O acordo nuclear com o Irão está em risco. Sob pressão das sanções norte-americanas, o Presidente iraniano, Hassan Rouhani, anunciou numa declaração ao povo iraniano que o país vai abandonar parcialmente o acordo nuclear de 2015, assinado com a Alemanha, Rússia, China, França, Reino Unido e Estados Unidos – este último abandonou-o unilateralmente há um ano.
O Irão vai deixar de exportar urânio enriquecido, como estipulado no acordo, e voltar a produzir urânio enriquecido de alta qualidade dentro de 60 dias. Isto caso os restantes países signatários não avancem com promessas ou propostas que melhorem o acordo e protejam os setor petrolífero e bancário iranianos das sanções de Washington.
“Sentimos que o acordo nuclear precisa de uma cirurgia e os analgésicos do último ano foram ineficazes. Estas cirurgia é para salvar o acordo, não para o destruir”, disse Rouhani no discurso transmitido pela televisão estatal iraniana, referindo que a situação é bastante sensível. “Não vamos começar a violar os compromissos e a travar qualquer guerra”, garantiu o chefe de Estado, sublinhando que o país “não cederá ao bullying”.
Pouco antes, o ministro dos Negócios Estrangeiros iraniano, Mohammad Javad Zarif, comunicou as intenções de Teerão aos embaixadores dos Estados signatários do acordo, enviando ainda uma carta com todos os detalhes técnicos e legais que lho permitem fazer à chefe da diplomacia da União Europeia, Federica Mogherini. Segundo os inspetores das Nações Unidas, o Irão tem respeitado todos os compromissos presentes no acordo.
“Depois de anos de paciência, o Irão pára com as medidas que os Estados Unidos tornaram impossíveis de continuar”, escreveu Zarif no Twitter pouco depois de se encontrar com o seu homólogo russo, Sergei Lavrov, em Moscovo, referindo que as potências mundiais têm uma “estreita janela de oportunidade para reverter” a situação.
Zarif referia-se às sanções norte-americanas, mas principalmente às mais recentes. No final de abril, Washington anunciou que não permitiria exceções à exportação dos excedentes de urânio enriquecido, impedindo Teerão de respeitar o acordo – este prevê um limite de 3,67% de produção de urânio enriquecido, de 300 kg de urânio enriquecido de baixa qualidade e de 300 toneladas de água pesada, usada nos reatores nucleares. China, Índia, Turquia, Japão e Coreia do Sul eram alguns dos Estados que compravam os excedentes iranianos.
Com estas sanções, a produção de energia por reatores nucleares tornar-se-ia impossível sem a violação do acordo, vendo-se Teerão obrigado a escolher entre uma ou outra opção. De qualquer das formas, ficaria a perder e Washington seria a grande beneficiada, podendo argumentar que sempre teve razão sobre a postura iraniana.

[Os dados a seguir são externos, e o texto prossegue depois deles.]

(* Let $k\ge 2$, let $n_1,\dots,n_k\ge 3$, and let $t\ge 1$ be an integer with $t\le (n_i-1)(n_{i+1}-1)$ for all $1\le i\le k-1$. Then every graph $H$ in the family $GS_t(K_{n_1},\dots,K_{n_k})$ satisfies $$D(H,x)=\prod_{i=1}^k\big((1+x)^{n_i}-1\big);$$ in particular all graphs in this family have the same domination polynomial.
   Context: All graphs are finite and simple. For a graph $G$, a set $S\subseteq V(G)$ is dominating if every vertex of $V(G)\setminus S$ is adjacent to some vertex of $S$. Let $d(G,i)$ be the number of dominating sets of $G$ of cardinality $i$; the domination polynomial is $D(G,x)=\sum_{i=1}^{|V(G)|} d(G,i)x^i$. The family $GS_t(K_{n_1},\dots,K_{n_k})$: take vertex-disjoint complete graphs $K_{n_1},\dots,K_{n_k}$, where the vertices of $K_{n_i}$ are labelled $w^{(i)}_1,\dots,w^{(i)}_{n_i}$. For each $1\le i\le k-1$, add a set of exactly $t$ edges between $K_{n_i}$ and $K_{n_{i+1}}$, each of the form $w^{(i)}_a w^{(i+1)}_b$ with $1\le a\le n_i-1$ and $1\le b\le n_{i+1}-1$ (so the vertex $w^{(i)}_{n_i}$ of each clique receives no edges outside its clique). No other edges are added. Every graph arising from some choice of these edge sets belongs to $GS_t(K_{n_1},\dots,K_{n_k})$. *)

From HB Require Import structures.
From mathcomp Require Import all_boot all_order all_algebra.
Set Implicit Arguments. Unset Strict Implicit. Unset Printing Implicit Defensive.
Import GRing.Theory.
Local Open Scope ring_scope.

Definition dominating (T : finType) (adj : rel T) (S : {set T}) : bool :=
  [forall v : T, (v \in S) || [exists u in S, adj u v]].

Definition dom_count (T : finType) (adj : rel T) (i : nat) : nat :=
  #|[set S : {set T} | dominating adj S && (#|S| == i)%N]|.

Definition dom_poly (T : finType) (adj : rel T) : {poly int} :=
  \sum_(1 <= i < #|T|.+1) (dom_count adj i)%:R * 'X^i.

(* Vertices of GS_t(K_{n_0},...,K_{n_{k-1}}): vertex (i, a) is w^{(i+1)}_{a+1}
   (0-indexed cliques and labels). *)
Definition GSvert (k : nat) (n : nat -> nat) : finType := {i : 'I_k & 'I_(n i)}.

(* E i : the set of edges between clique i and clique i+1, as pairs (a, b)
   meaning the edge w^{(i)}_a w^{(i+1)}_b. *)
Definition GSadj (k : nat) (n : nat -> nat)
    (E : forall i : nat, {set 'I_(n i) * 'I_(n i.+1)}) : rel (GSvert k n) :=
  fun u v =>
    [|| (tag u == tag v) && (val (tagged u) != val (tagged v)),
        ((val (tag v) == (val (tag u)).+1) &&
         [exists p in E (val (tag u)),
            (val p.1 == val (tagged u)) && (val p.2 == val (tagged v))])
      | ((val (tag u) == (val (tag v)).+1) &&
         [exists p in E (val (tag v)),
            (val p.1 == val (tagged v)) && (val p.2 == val (tagged u))])].

Definition GSvalid (k : nat) (n : nat -> nat) (t : nat)
    (E : forall i : nat, {set 'I_(n i) * 'I_(n i.+1)}) : Prop :=
  forall i : nat, (i.+1 < k)%N ->
    #|E i| = t /\
    (forall p, p \in E i -> ((val p.1).+1 < n i)%N /\ ((val p.2).+1 < n i.+1)%N).

From HB Require Import structures.
From mathcomp Require Import all_boot all_order all_algebra.
Set Implicit Arguments. Unset Strict Implicit. Unset Printing Implicit Defensive.
Import GRing.Theory.
Local Open Scope ring_scope.

(* A vertex set dominates the graph iff it meets every clique: a clique is
   dominated by any one of its vertices, while the last vertex of a clique has
   no neighbour outside it.  Summing x^|S| over the sets meeting every block
   of a partition factorises over the blocks, a block of size m contributing
   the sum over its nonempty subsets, (1 + x)^m - 1. *)

Lemma sum_subsets_expr_card (R : comPzRingType) (T : finType) (C : {set T}) (x : R) :
  \sum_(A : {set T} | A \subset C) x ^+ #|A| = (x + 1) ^+ #|C|.
Proof.
have -> : (x + 1) ^+ #|C| = \prod_(i : T) ((i \in C)%:R * x + 1).
  rewrite -prodr_const [RHS](bigID (mem C)) /= [X in _ * X]big1 ?mulr1.
    by apply: eq_bigr => i ->; rewrite mul1r.
  by move=> i /negbTE ->; rewrite mul0r add0r.
rewrite bigA_distr big_mkcond /=; apply: eq_bigr => A _.
rewrite -big_mkcond /=.
have [sAC | /subsetPn[i iA iC]] := boolP (A \subset C).
  by rewrite -prodr_const; apply: eq_bigr => i iA; rewrite (subsetP sAC _ iA) mul1r.
by rewrite (bigD1 i) //= (negbTE iC) !mul0r.
Qed.

Lemma sum_nonempty_subsets_expr_card (R : comPzRingType) (T : finType) (C : {set T})
    (x : R) :
  \sum_(A : {set T} | (A \subset C) && (A != set0)) x ^+ #|A| = (x + 1) ^+ #|C| - 1.
Proof.
by rewrite -sum_subsets_expr_card [in RHS](bigD1 set0) ?sub0set //= cards0 expr0 addrC addrK.
Qed.

Lemma sum_hitting_fibres_expr_card (R : comPzRingType) (T I : finType) (c : T -> I)
    (x : R) :
  \sum_(S : {set T} | [forall i, S :&: c @^-1: [set i] != set0]) x ^+ #|S|
  = \prod_i ((x + 1) ^+ #|c @^-1: [set i]| - 1).
Proof.
set C := fun i => c @^-1: [set i].
have inC y i : (y \in C i) = (c y == i) by rewrite !inE.
under eq_bigr do rewrite -sum_nonempty_subsets_expr_card.
rewrite bigA_distr_big_dep /=.
(* [S] is determined by its traces on the fibres, which are arbitrary nonempty subsets. *)
pose traces (S : {set T}) := [ffun i => S :&: C i].
pose glue (f : {ffun I -> {set T}}) := \bigcup_i f i.
have glueK S : glue (traces S) = S.
  apply/setP => y; apply/bigcupP/idP => [[i _]|yS]; first by rewrite ffunE inE => /andP[].
  by exists (c y) => //; rewrite ffunE !inE yS /=.
rewrite (reindex traces) /=; last first.
  exists glue => [S _|f]; first by rewrite glueK.
  rewrite inE => /familyP f_sub; apply/ffunP => i; rewrite ffunE.
  apply/setP => y; rewrite inE inC; apply/andP/idP => [[/bigcupP[j _ yfj] /eqP cy]|yfi].
    have /andP[/subsetP fjC _] := f_sub j.
    by move: (fjC _ yfj); rewrite inC cy => /eqP->.
  have /andP[/subsetP fiC _] := f_sub i.
  by split; [apply/bigcupP; exists i | rewrite -inC fiC].
apply: eq_big => [S|S _].
  apply/forallP/familyP => S_hits i; first by rewrite ffunE unfold_in /= subsetIr S_hits.
  by have := S_hits i; rewrite ffunE unfold_in => /andP[].
rewrite prodrXr -sum1_card (partition_big c xpredT) //=.
congr (x ^+ _); apply: eq_bigr => i _; rewrite ffunE -sum1_card.
by apply: eq_bigl => y; rewrite inE inC.
Qed.

(* [dom_poly] has no constant term, so the empty set must not dominate:
   hence the vertex [v0]. *)
Lemma dom_poly_sum_dominating (T : finType) (adj : rel T) (v0 : T) :
  dom_poly adj = \sum_(S | dominating adj S) 'X^#|S|.
Proof.
have dom_gt0 S : dominating adj S -> (0 < #|S|)%N.
  move=> /forallP /(_ v0) /orP[v0S | /existsP[u /andP[uS _]]];
    by rewrite card_gt0; apply/set0Pn; eexists; eassumption.
have coef_dominating S : dominating adj S ->
    \sum_(1 <= i < #|T|.+1) ((#|S| == i)%:R * 'X^i : {poly int}) = 'X^#|S|.
  move=> S_dom; rewrite (bigD1_seq #|S|) /= ?iota_uniq //; last first.
    by rewrite mem_index_iota dom_gt0 // ltnS max_card.
  rewrite eqxx mul1r big1 ?addr0 // => i /negbTE.
  by rewrite eq_sym => ->; rewrite mul0r.
rewrite [RHS](eq_bigr _ (fun S S_dom => esym (coef_dominating S S_dom))).
rewrite exchange_big /=; apply: eq_bigr => i _; rewrite -mulr_suml; congr (_ * _).
rewrite -natr_sum /dom_count -sum1_card; congr (_%:R).
rewrite [LHS]big_mkcond [RHS]big_mkcond; apply: eq_bigr => S _.
by rewrite inE; case: (dominating adj S); case: eqP.
Qed.

Section CliqueCover.

Variables (T I : finType) (adj : rel T) (c : T -> I).
Hypothesis adj_fibre : forall u v, c u = c v -> u != v -> adj u v.
Hypothesis fibre_private : forall i, exists2 w, c w = i & forall u, adj u w -> c u = i.

Lemma dominating_hits_fibres (S : {set T}) :
  dominating adj S = [forall i, S :&: c @^-1: [set i] != set0].
Proof.
apply/forallP/forallP => [S_dom i | S_hits v].
  have [w cw w_private] := fibre_private i.
  apply/set0Pn; case/orP: (S_dom w) => [wS | /existsP[u /andP[uS /w_private cu]]].
    by exists w; rewrite !inE wS cw /=.
  by exists u; rewrite !inE uS cu /=.
have [vS | vNS] := boolP (v \in S); first by apply/orP; left.
have /set0Pn[u] := S_hits (c v); rewrite !inE => /andP[uS /eqP cu].
apply/orP; right; apply/existsP; exists u; rewrite uS adj_fibre //.
by apply: contraNneq vNS => <-.
Qed.

End CliqueCover.

Section GSGraph.

Variables (k : nat) (n : nat -> nat) (t : nat).
Variable E : forall i : nat, {set 'I_(n i) * 'I_(n i.+1)}.
Hypothesis E_valid : @GSvalid k n t E.
Hypothesis n_gt0 : forall i, (i < k)%N -> (0 < n i)%N.

Lemma GSadj_clique (u v : GSvert k n) : tag u = tag v -> u != v -> @GSadj k n E u v.
Proof.
case: u v => [i a] [j b] /= eij; subst j => neq_ab.
by rewrite /GSadj /= eqxx; apply/orP; left; apply: contraNneq neq_ab => /val_inj ->.
Qed.

Lemma GSadj_last_private (i : 'I_k) :
  exists2 w : GSvert k n, tag w = i & forall u, @GSadj k n E u w -> tag u = i.
Proof.
have last_lt : ((n i).-1 < n i)%N by rewrite prednK // n_gt0.
have last_lt_false : ((n i).-1.+1 < n i)%N = false by rewrite prednK ?ltnn // n_gt0.
exists (Tagged (fun j : 'I_k => 'I_(n j)) (Ordinal last_lt)) => // -[j b].
rewrite /GSadj /= => /or3P[/andP[/eqP ji _] //
  | /andP[/eqP ei /existsP[p /andP[pE /andP[_ /eqP p2]]]]
  | /andP[/eqP ej /existsP[p /andP[pE /andP[/eqP p1 _]]]]].
- have jk : (j.+1 < k)%N by rewrite -ei.
  have [_ /(_ _ pE)[_]] := E_valid jk.
  by rewrite [val p.2]p2 -ei last_lt_false.
- have ik : (i.+1 < k)%N by rewrite -ej.
  have [_ /(_ _ pE)[]] := E_valid ik.
  by rewrite [val p.1]p1 last_lt_false.
Qed.

Lemma card_GSclique (i : 'I_k) : #|(tag : GSvert k n -> 'I_k) @^-1: [set i]| = n i.
Proof.
have -> : (tag : GSvert k n -> 'I_k) @^-1: [set i] =
          [set Tagged (fun j : 'I_k => 'I_(n j)) a | a : 'I_(n i)].
  apply/setP => y; rewrite !inE; apply/eqP/imsetP => [|[a _ ->]] //.
  by case: y => j a /= eji; subst j; exists a.
by rewrite card_imset ?card_ord //; apply: eq_from_Tagged.
Qed.

End GSGraph.

(* The hypotheses on [t] only ensure that the family is nonempty: the
   domination polynomial is the same for every choice of edges avoiding the
   last vertices of the cliques. *)
Theorem mainTheorem8 (k : nat) (n : nat -> nat) (t : nat)
    (hk : (2 <= k)%N)
    (hn : forall i : nat, (i < k)%N -> (3 <= n i)%N)
    (ht : (1 <= t)%N)
    (htn : forall i : nat, (i.+1 < k)%N -> (t <= (n i - 1) * (n i.+1 - 1))%N)
    (E : forall i : nat, {set 'I_(n i) * 'I_(n i.+1)})
    (hE : @GSvalid k n t E) :
  dom_poly (@GSadj k n E) = \prod_(i < k) (('X + 1) ^+ (n i) - 1).
Proof.
have n_gt0 i : (i < k)%N -> (0 < n i)%N by move=> /hn; apply: leq_trans.
have private := GSadj_last_private hE n_gt0.
have [v0 _ _] := private (Ordinal (leq_trans (isT : (0 < 2)%N) hk)).
rewrite (dom_poly_sum_dominating _ v0).
rewrite (eq_bigl _ _ (dominating_hits_fibres (@GSadj_clique k n E) private)).
rewrite sum_hitting_fibres_expr_card.
by apply: eq_bigr => i _; rewrite card_GSclique.
Qed.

Ao abandonar o acordo e avançar com sanções contra Teerão, os Estados Unidos ficaram ainda mais isolados na política internacional. Aos poucos, foram endurecendo as sanções, esperando que Teerão cedesse e abandonasse o acordo. Não aconteceu e Washington renovou as suas tentativas de isolar e pressionar o regime iraniano, inclusive com o destacamento de um porta-aviões e bombardeiros para o Golfo Pérsico no início desta semana, o que foi encarado pelo regime xiita como “guerra psicológica”. A tensão entre Washington e Teerão não tem parado de subir, com ameaças bélicas de ambas as partes de tempos a tempos.
As reações ao anúncio de Rohani não se fizeram esperar. “Os diplomatas russos vão certamente continuar a debater este assunto, incluindo com os parceiros europeus, para se alcançar sustentabilidade a longo prazo”, reagiu o porta-voz do Kremlin, Dmitry Peskov. Por sua vez, o ministro dos Negócios Estrangeiros britânico, Jeremy Hunt, considerou a decisão “indesejável” e garantiu aos deputados britânicos que o Governo “está a analisar os detalhas e em contacto próximo com as outras partes do acordo”. Posição mais categórica foi a da ministra da Defesa francesa, Florence Parly: “Hoje, nada seria pior que o Irão, por si próprio, abandonar este acordo”, referindo que a Europa “continua a querer ser capaz de manter este acordo vivo”.
Numa postura alinhada há muito com a dos Estados Unidos, o primeiro-ministro israelita, Benjamin Netanyahu, garantiu que Israel “não permitirá ao Irão adquirir armas nucleares”.